Description of the task. Would you find each line in the entries below with the string "rmorphM" and copy it?

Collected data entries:

......

Lemma spectral_radiusR_le n (M : 'M[R]_n) c : 0 <= c ->
  (forall z, eigenvalue (cmx M) z -> normc z <= c) -> spectral_radiusR M <= c.
Proof.
move=> c_ge0 le_c; rewrite /spectral_radiusR big_seq.
by apply: bigmax_le => // z; rewrite mx_eigenvaluesP; apply: le_c.
Qed.

Lemma eigenvector_norm_subinvariant n (M : 'M[R]_n) (x : 'rV_n) lam :
  nnegmx M -> x *m cmx M = lam *: x ->
  nnegmx (map_mx normc x *m M - normc lam *: map_mx normc x).
Proof.
move=> M_ge0 xM i j; rewrite ord1 !mxE subr_ge0 -lecR rmorphM /=.
rewrite -!normr_normc -normrM.
have := congr1 (fun y : 'rV_n => y 0 j) xM; rewrite /= !mxE => <-.
rewrite rmorph_sum; apply: le_trans (ler_norm_sum _ _ _) _; apply: ler_sum => k _.
have M_kj : 0 <= (M k j)%:C by rewrite lecR.
by rewrite !mxE rmorphM /= normrM -normr_normc (ger0_norm M_kj).
Qed.

Lemma subinvariant_le_spectral_radiusR n (S : 'M[R]_n) (z : 'rV_n) mu :
  nnegmx S -> nnegmx z -> z != 0 -> nnegmx (z *m S - mu *: z) ->
  mu <= spectral_radiusR S.
Proof.
move=> S_ge0 z_ge0 z_neq0 zS; rewrite leNgt; apply/negP => rho_lt_mu.
apply: (subinvariant_char_poly_root S_ge0 z_ge0 z_neq0 zS) => t.
rewrite in_itv andbT /= => mu_le_t; apply/negP => S_t.
have t_ge0 : 0 <= t.
  by rewrite (le_trans (spectral_radiusR_ge0 S)) // ltW ?(lt_le_trans rho_lt_mu).
have : eigenvalue (cmx S) t%:C.
  by rewrite eigenvalue_root_char -(map_char_poly (real_complex R)) rmorph_root.
move=> /eigenvalue_le_spectral_radiusR.
rewrite -lecR -normr_normc ger0_norm ?lecR // => t_le.
by have := lt_le_trans rho_lt_mu (le_trans mu_le_t t_le); rewrite ltxx.
Qed.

......

Answer section.
move=> M_ge0 xM i j; rewrite ord1 !mxE subr_ge0 -lecR rmorphM /=.
by rewrite !mxE rmorphM /= normrM -normr_normc (ger0_norm M_kj).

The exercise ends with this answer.